The Regulatory Affairs Manager (CMC) position is responsible for the author, review, preparation and manage on-time filing of high-quality regulatory submissions and for post-approval maintenance of regulatory dossiers with an emphasis on CMC. 


The pay range for this position is: $85,000 - $115,000. 


The estimated salary range reflects an anticipated range for this position. The actual base salary offered may depend on a variety of factors, including the qualifications of the individual applicant for the position, years of relevant experience, specific and unique skills, level of education attained, certifications or other professional licenses held, and the location in which the applicant lives and/or from which they will be performing the job. The actual base salary offered will be in accordance with state or local minimum wage requirements for the job location.


Why Work with Us?

· Hybrid Work Schedule: Enjoy the flexibility to work remotely three days a week.

· Casual Dress Code: Embrace a relaxed and comfortable dress code that allows you to express your personal style.

· Collaborative Culture: Join a team that values open communication, teamwork, and the exchange of ideas.

· Professional Growth: We offer ample opportunities for professional development and career advancement.


Essential Duties and Responsibilities

The primary responsibility will include authoring, reviewing and preparing high quality ANDA, NDA, BLA, IND and DMF submissions.


· Prepare, review and submit responses to FDA’s CRLs, DRLs and Information Requests within predetermined and negotiated deadlines.

· Review and submit post-approval supplements, safety update reports to INDs, NDAs, ANDAs and BLAs.

· Participate in development and commercial team meetings representing RA CMC.

• Review and approve change controls from global manufacturing partners 

• Experienced with FDA’s eCTD requirements for Modules 1-5. 

• Work in a collaborative environment with cross-functional teams, not limited to Labeling, R&D, Manufacturing, Medical Affairs, Operations, Marketing and Quality.

• Adhere to submission timelines as per the internal tracking. Administration and management of assigned products. Perform other duties as assigned by the Supervisor.

• Maintains current knowledge of regulations. Serves as the primary regulatory interface with US FDA manufacturing partners (domestic and international), and internal teams to ensure the business needs for the assigned products are met by anticipating, identifying, prioritizing and mitigating regulatory risks while following all regulatory requirements.

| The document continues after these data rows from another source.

Lemma ord1_add_higher s t p :
  ord1 s (Some p) -> vanishes_below t (S p) -> ord1 (fun k => Cadd (s k) (t k)) (Some p).
Proof.
  intros [Hsp Hs] Ht. split.
  - rewrite Ht by lia. now rewrite Cadd_0_r.
  - intros j Hj. rewrite Hs, Ht by lia. ring.
Qed.

Lemma convergent1_of_vanishes_above s p : vanishes_above s p -> convergent1 s.
Proof.
  intros Hs. set (f j := Cmod (s j)).
  assert (Hf : forall j, 0 <= f j) by (intros; apply sqrt_pos).
  assert (Hle : forall q k, (k <= q)%nat -> f k <= sum_f_R0 f q).
  { induction q; intros k Hk; simpl.
    - replace k with 0%nat by lia. lra.
    - destruct (Nat.eq_dec k (S q)) as [->|Hne].
      + pose proof (cond_pos_sum f q Hf). lra.
      + pose proof (IHq k ltac:(lia)). pose proof (Hf (S q)). lra. }
  exists (sum_f_R0 f p), 1. split; [lra|]. intros k. rewrite Rfunctions.pow1, Rmult_1_r.
  destruct (Nat.leb_spec k p).
  - now apply Hle.
  - unfold f. rewrite Hs by lia. unfold Cmod; simpl.
    rewrite Rmult_0_l, Rplus_0_r, sqrt_0. now apply cond_pos_sum.
Qed.

(** * Curves and composition with them *)

Definition through_origin (n : nat) (z : curve) : Prop :=
  forall i, (i < n)%nat -> z i 0%nat = C0.

Lemma curve_ord_unique n z m m' : curve_ord n z m -> curve_ord n z m' -> m = m'.
Proof.
  intros [[i [Hi Hm]] Hlow] [[i' [Hi' Hm']] Hlow'].
  destruct (Nat.lt_total m m') as [Hlt|[Heq|Hlt]]; auto; exfalso.
  - apply Hm. now apply Hlow'.
  - apply Hm'. now apply Hlow.
Qed.

Lemma curve_ord_exists n z : in_Gamma n z -> exists m, curve_ord n z m /\ (0 < m)%nat.
Proof.
  intros [Hz [i [k [Hi Hk]]]].
  destruct (dec_inh_nat_subset_has_unique_least_element
              (fun m => exists i, (i < n)%nat /\ z i m <> C0) (fun m => classic _))
    as [m [[[i0 [Hi0 Hm]] Hmin] _]]; [eauto|].
  exists m. split; [split|].
  - eauto.
  - intros i' j Hi' Hj. apply NNPP. intros Hne.
    specialize (Hmin j (ex_intro _ i' (conj Hi' Hne))). lia.
  - destruct m; [|lia]. exfalso. apply Hm. now apply Hz.
Qed.

Lemma curve_ord_1 n z i : through_origin n z -> (i < n)%nat -> z i 1%nat <> C0 -> curve_ord n z 1.
Proof.
  intros Hz Hi H1. split; eauto.
  intros i' j Hi' Hj. replace j with 0%nat by lia. auto.
Qed.

Lemma ord1_coordinate n z m i :
  curve_ord n z m -> (i < n)%nat -> z i m <> C0 -> ord1 (z i) (Some m).
Proof. intros [_ Hlow] Hi Hm. split; auto. Qed.

Lemma in_Gamma_polynomial n z d i :
  (forall i, (i < n)%nat -> vanishes_above (z i) d) -> through_origin n z ->
  (i < n)%nat -> z i 1%nat <> C0 -> in_Gamma n z.
Proof.
  intros Hd Hz Hi H1. split; [|eauto].
  intros i' Hi'. split; auto. eapply convergent1_of_vanishes_above; eauto.
Qed.

Lemma comp1_coeff1 s phi : phi 0%nat = C0 -> phi 1%nat = C0 -> comp1 s phi 1%nat = C0.
Proof.
  intros H0 H1. unfold comp1. cbn [seq map Csum fold_right].
  rewrite pow1_0, pow1_1, H1. unfold one1; simpl. ring.
Qed.

Lemma minimal_param_of_coeff1 n z i : (i < n)%nat -> z i 1%nat <> C0 -> minimal_param n z.
Proof.
  intros Hi Hz1 [delta [phi [_ [_ [H0 [H1 Hcomp]]]]]].
  apply Hz1. rewrite Hcomp by assumption. now apply comp1_coeff1.
Qed.

Lemma mono_from_vanishes_below z i a :
  (forall j, (i <= j < i + length a)%nat -> z j 0%nat = C0) ->
  vanishes_below (mono_from z i a) (msize a).
Proof.
  revert i; induction a as [|x a IH]; intros i Hz; simpl.
  - intros j Hj; lia.
  - replace (x + msize a)%nat with (x * 1 + msize a)%nat by lia.
    apply mul1_vanishes_below.
    + apply pow1_vanishes_below. intros j Hj. replace j with 0%nat by lia. apply Hz; simpl; lia.
    + apply IH. intros j Hj. apply Hz; simpl; lia.
Qed.

Lemma bounded_idx_length n k a : In a (bounded_idx n k) -> length a = n.
Proof.
  revert k a; induction n; intros k a H; cbn [bounded_idx] in H.
  - destruct H as [<-|[]]; reflexivity.
  - apply in_flat_map in H as [x [_ H]]. apply in_map_iff in H as [b [<- Hb]].
    simpl. f_equal. eauto.
Qed.

Lemma Csum_bounded_idx_single n k a0 (F : list nat -> Cx) :
  length a0 = n -> (forall a, a <> a0 -> F a = C0) ->
  Csum (map F (bounded_idx n k)) = if (msize a0 <=? k)%nat then F a0 else C0.
Proof.
  revert k a0 F; induction n; intros k a0 F Hl HF.
  - destruct a0; [|discriminate]. simpl. ring.
  - destruct a0 as [|x0 a0]; [discriminate|]. injection Hl as Hl.
    cbn [bounded_idx]. rewrite Csum_flat_map, (Csum_seq_single _ x0).
    + rewrite map_map, (IHn (k - x0)%nat a0 (fun a => F (x0 :: a))); auto.
      * simpl msize.
        destruct (Nat.leb_spec 0 x0), (Nat.ltb_spec x0 (0 + S k)),
          (Nat.leb_spec (msize a0) (k - x0)),
          (Nat.leb_spec (x0 + msize a0) k); simpl; auto; lia.
      * intros a Ha. apply HF. congruence.
    + intros x _ Hx. rewrite map_map. apply Csum_map_zero. intros a _. apply HF. congruence.
Qed.

Lemma gcomp_ext n g g' z k : series_eq n g g' -> gcomp n g z k = gcomp n g' z k.
Proof.
  intros H. unfold gcomp. apply Csum_map_ext. intros a Ha.
  rewrite H; auto. eapply bounded_idx_length; eauto.
Qed.

Lemma gcomp_sadd n f g z k : gcomp n (sadd f g) z k = Cadd (gcomp n f z k) (gcomp n g z k).
Proof. unfold gcomp, sadd. rewrite <- Csum_map_add. apply Csum_map_ext. intros; ring. Qed.

Lemma gcomp_szero n z k : gcomp n szero z k = C0.
Proof. unfold gcomp. apply Csum_map_zero. intros a _. apply Cmul_0_l. Qed.

Lemma gcomp_monomial n b c z k :
  length b = n -> through_origin n z -> gcomp n (monomial b c) z k = Cmul c (mono_from z 0 b k).
Proof.
  intros Hl Hz. unfold gcomp. rewrite (Csum_bounded_idx_single n k b); auto.
  - unfold monomial. destruct (list_eq_dec Nat.eq_dec b b); [|congruence].
    destruct (Nat.leb_spec (msize b) k); auto.
    rewrite mono_from_vanishes_below by (auto; intros j Hj; apply Hz; lia). ring.
  - intros a Ha. unfold monomial. destruct (list_eq_dec Nat.eq_dec a b); [congruence|]. ring.
Qed.

(** * Ideals *)

Definition one_series (n : nat) : series := monomial (repeat 0%nat n) C1.

Lemma monomial_cons x b c y a :
  monomial (x :: b) c (y :: a) = if Nat.eqb y x then monomial b c a else C0.
Proof.
  unfold monomial. destruct (Nat.eqb_spec y x) as [->|Hne].
  - destruct (list_eq_dec Nat.eq_dec (x :: a) (x :: b)), (list_eq_dec Nat.eq_dec a b); congruence.
  - destruct (list_eq_dec Nat.eq_dec (y :: a) (x :: b)); congruence.
Qed.

Lemma smul_one_l n f a : length a = n -> smul (one_series n) f a = f a.
Proof.
  intros <-. unfold smul, one_series. revert f; induction a as [|x a IH]; intros f.
  - simpl. unfold monomial. simpl. ring.
  - cbn [splits length repeat]. rewrite Csum_flat_map, (Csum_seq0_single _ 0%nat); [| |lia].
    + rewrite map_map, <- (IH (fun c => f (x :: c))).
      apply Csum_map_ext. intros bc _. simpl. rewrite monomial_cons, Nat.sub_0_r. reflexivity.
    + intros i _ Hi. rewrite map_map. apply Csum_map_zero. intros bc _. simpl.
      rewrite monomial_cons. destruct (Nat.eqb_spec i 0); [congruence|]. ring.
Qed.

Lemma smul_szero_l f a : smul szero f a = C0.
Proof. unfold smul. apply Csum_map_zero. intros; apply Cmul_0_l. Qed.

Lemma lin_comb_szero (gs : list series) l a : lin_comb (repeat szero l) gs a = C0.
Proof.
  revert gs; induction l; intros [|g gs]; try reflexivity.
  simpl. unfold sadd. rewrite smul_szero_l, IHl. ring.
Qed.

Lemma szero_convergent n : convergent n szero.
Proof.
  exists 0, 1. split; [lra|]. intros a _. unfold Cmod, szero; simpl.
  rewrite Rmult_0_l, Rplus_0_r, sqrt_0. lra.
Qed.

Lemma one_series_convergent n : convergent n (one_series n).
Proof.
  exists 1, 1. split; [lra|]. intros a _. rewrite Rfunctions.pow1, Rmult_1_r.
  unfold one_series, monomial, Cmod. destruct (list_eq_dec _ _ _); simpl.
  - rewrite Rmult_0_l, Rplus_0_r, !Rmult_1_r, sqrt_1. lra.
  - rewrite Rmult_0_l, Rplus_0_r, sqrt_0. lra.
Qed.

Lemma generator_in_ideal n gens g : In g gens -> in_ideal n gens g.
Proof.
  induction gens as [|g' gens IH]; intros Hin; [destruct Hin|].
  destruct Hin as [<-|Hin].
  - exists (one_series n :: repeat szero (length gens)). split; [simpl; now rewrite repeat_length|].
    split.
    + constructor; [apply one_series_convergent|]. apply Forall_forall.
      intros h Hh. apply repeat_spec in Hh as ->. apply szero_convergent.
    + intros a Ha. simpl. unfold sadd. rewrite smul_one_l, lin_comb_szero by assumption. ring.
  - destruct (IH Hin) as [hs [Hl [Hc Heq]]].
    exists (szero :: hs). split; [simpl; congruence|]. split.
    + constructor; [apply szero_convergent | assumption].
    + intros a Ha. simpl. unfold sadd. rewrite smul_szero_l, Heq by assumption. ring.
Qed.

Lemma in_ideal_vanishes_below n gens z K g :
  (forall h g', In g' gens -> vanishes_below (gcomp n (smul h g') z) K) ->
  in_ideal n gens g -> vanishes_below (gcomp n g z) K.
Proof.
  intros Hgen [hs [_ [_ Heq]]] k Hk. rewrite (gcomp_ext _ _ _ _ _ Heq). clear Heq.
  revert hs Hgen; induction gens as [|g' gens IH]; intros [|h hs] Hgen; simpl;
    try apply gcomp_szero.
  rewrite gcomp_sadd, Hgen, IH by (simpl; auto; intros; apply Hgen; simpl; auto). ring.
Qed.

(** * The ratios v(g∘z)/v(z) and T_1 *)

Lemma ER_le_trans x y z : ER_le x y -> ER_le y z -> ER_le x z.
Proof. destruct x, y, z; simpl; auto; try lra; tauto. Qed.

Lemma inf_exists (P : ER -> Prop) : (forall r, P (Fin r) -> 0 <= r) -> exists s, IsInf P s.
Proof.
  intros Hnn. destruct (classic (exists r, P (Fin r))) as [[r0 Hr0]|Hno].
  - set (E := fun y => P (Fin (- y))).
    assert (Hb : bound E) by (exists 0; intros y Hy; apply Hnn in Hy; lra).
    assert (He : exists y, E y) by (exists (- r0); unfold E; now rewrite Ropp_involutive).
    destruct (completeness E Hb He) as [m [Hub Hlub]].
    exists (Fin (- m)). split.
    + intros [r|] Hr; simpl; auto.
      assert (Hy : E (- r)) by (unfold E; now rewrite Ropp_involutive).
      apply Hub in Hy. lra.
    + intros [v|] Hv; simpl.
      * enough (m <= - v) by lra. apply Hlub. intros y Hy. apply Hv in Hy. simpl in Hy. lra.
      * exact (Hv _ Hr0).
  - exists PInf. split.
    + intros [r|] Hr; simpl; eauto.
    + intros [v|] _; simpl; auto.
Qed.

Lemma sup_exists (P : ER -> Prop) : (exists x, P x) -> exists s, IsSup P s.
Proof.
  intros [x0 Hx0]. destruct (classic (P PInf)) as [HP|HP].
  - exists PInf. split.
    + intros [r|] _; simpl; auto.
    + intros u Hu. now apply Hu.
  - set (E := fun r => P (Fin r)).
    assert (He : exists r, E r) by (destruct x0 as [r|]; [exists r; auto | contradiction]).
    destruct (classic (bound E)) as [Hb|Hb].
    + destruct (completeness E Hb He) as [m [Hub Hlub]].
      exists (Fin m). split.
      * intros [r|] Hr; simpl; [now apply Hub | contradiction].
      * intros [v|] Hv; simpl; auto. apply Hlub. intros y Hy. exact (Hv _ Hy).
    + exists PInf. split.
      * intros [r|] _; simpl; auto.
      * intros [v|] Hv; simpl; auto. apply Hb. exists v. intros y Hy. exact (Hv _ Hy).
Qed.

• Support Biosimilar BLA/PAS/CBE submissions, as assigned.

Competencies

  • Planning and Organizing
  • Communication
  • Strategic Thinking
  • Teamwork
  • Problem Solving
  • Quality
  • Judgement
  • Dependability

Qualifications

To perform this job successfully, an individual must be able to perform each essential duty satisfactorily. The requirements listed below are representative of the knowledge, skill, and/or ability required. Reasonable accommodation may be made to enable individuals with disabilities to perform the essential functions.


• Assimilate to changing environments.

• Ability to prioritize and multitask.

• Organized and detailed orientated. 

• Have a sense of urgency to meet all required deadlines


Education and/or Experience: 


  • Bachelor's degree in life sciences from a 4-year college or university with 5 or more years of direct experience in Regulatory Affairs within bio/pharmaceutical companies, with focus in CMC. Candidates with additional prior experience in R&D or Manufacturing will be a plus.
  • Excellent attention to details, technical writing, organizational and communication skills.
  • Ability to prioritize and handle multiple projects concurrently.
  • Familiar with 21 CFR, FDA and ICH.

AAP/EEO Statement

Meitheal Pharmaceuticals is an Equal Opportunity Employer. We welcome and encourage applications from all qualified individuals, including minorities, women, veterans, and individuals with disabilities.

Summary

About Us:

Founded in 2017 and based in Chicago, Meitheal is focused on the development and commercialization of generic injectable medications and, as of 2022, has expanded its focus to include fertility, biologic, and branded products. Meitheal currently markets over 60 U.S. Food and Drug Administration (FDA)-approved products across numerous therapeutic areas including anti-infectives, oncolytics, intensive care, and fertility. As of January 2025, Meitheal, directly or through its partners, has 19 products in the research and development phase, 22 additional products planned for launch in 2025, and 24 products under review by the FDA. Meitheal’s mission is to provide easy access to fairly priced products through robust manufacturing, consistent supply, and rapid response to our customers’ needs. Ranked #2 in 2024 on Crain’s Fast 50 in Chicago, and in the top 100 of Crain’s Best Places to Work in Chicago from 2022 to 2024, Meitheal emulates the traditional Irish guiding principle we are named for — working together toward a common goal, for the greater good.


Position Summary:

We are seeking an experienced and strategic legal professional to join our legal team as Senior Counsel – Intellectual Property & Transactions. This role will provide critical legal support for our growing biosimilars pipeline, oversee intellectual property strategy and portfolio management (including patents and trademarks), and manage key litigation and transactional matters. This individual will serve as a strategic advisor to leadership on IP-related risks and opportunities and will collaborate cross-functionally to help drive innovation and growth.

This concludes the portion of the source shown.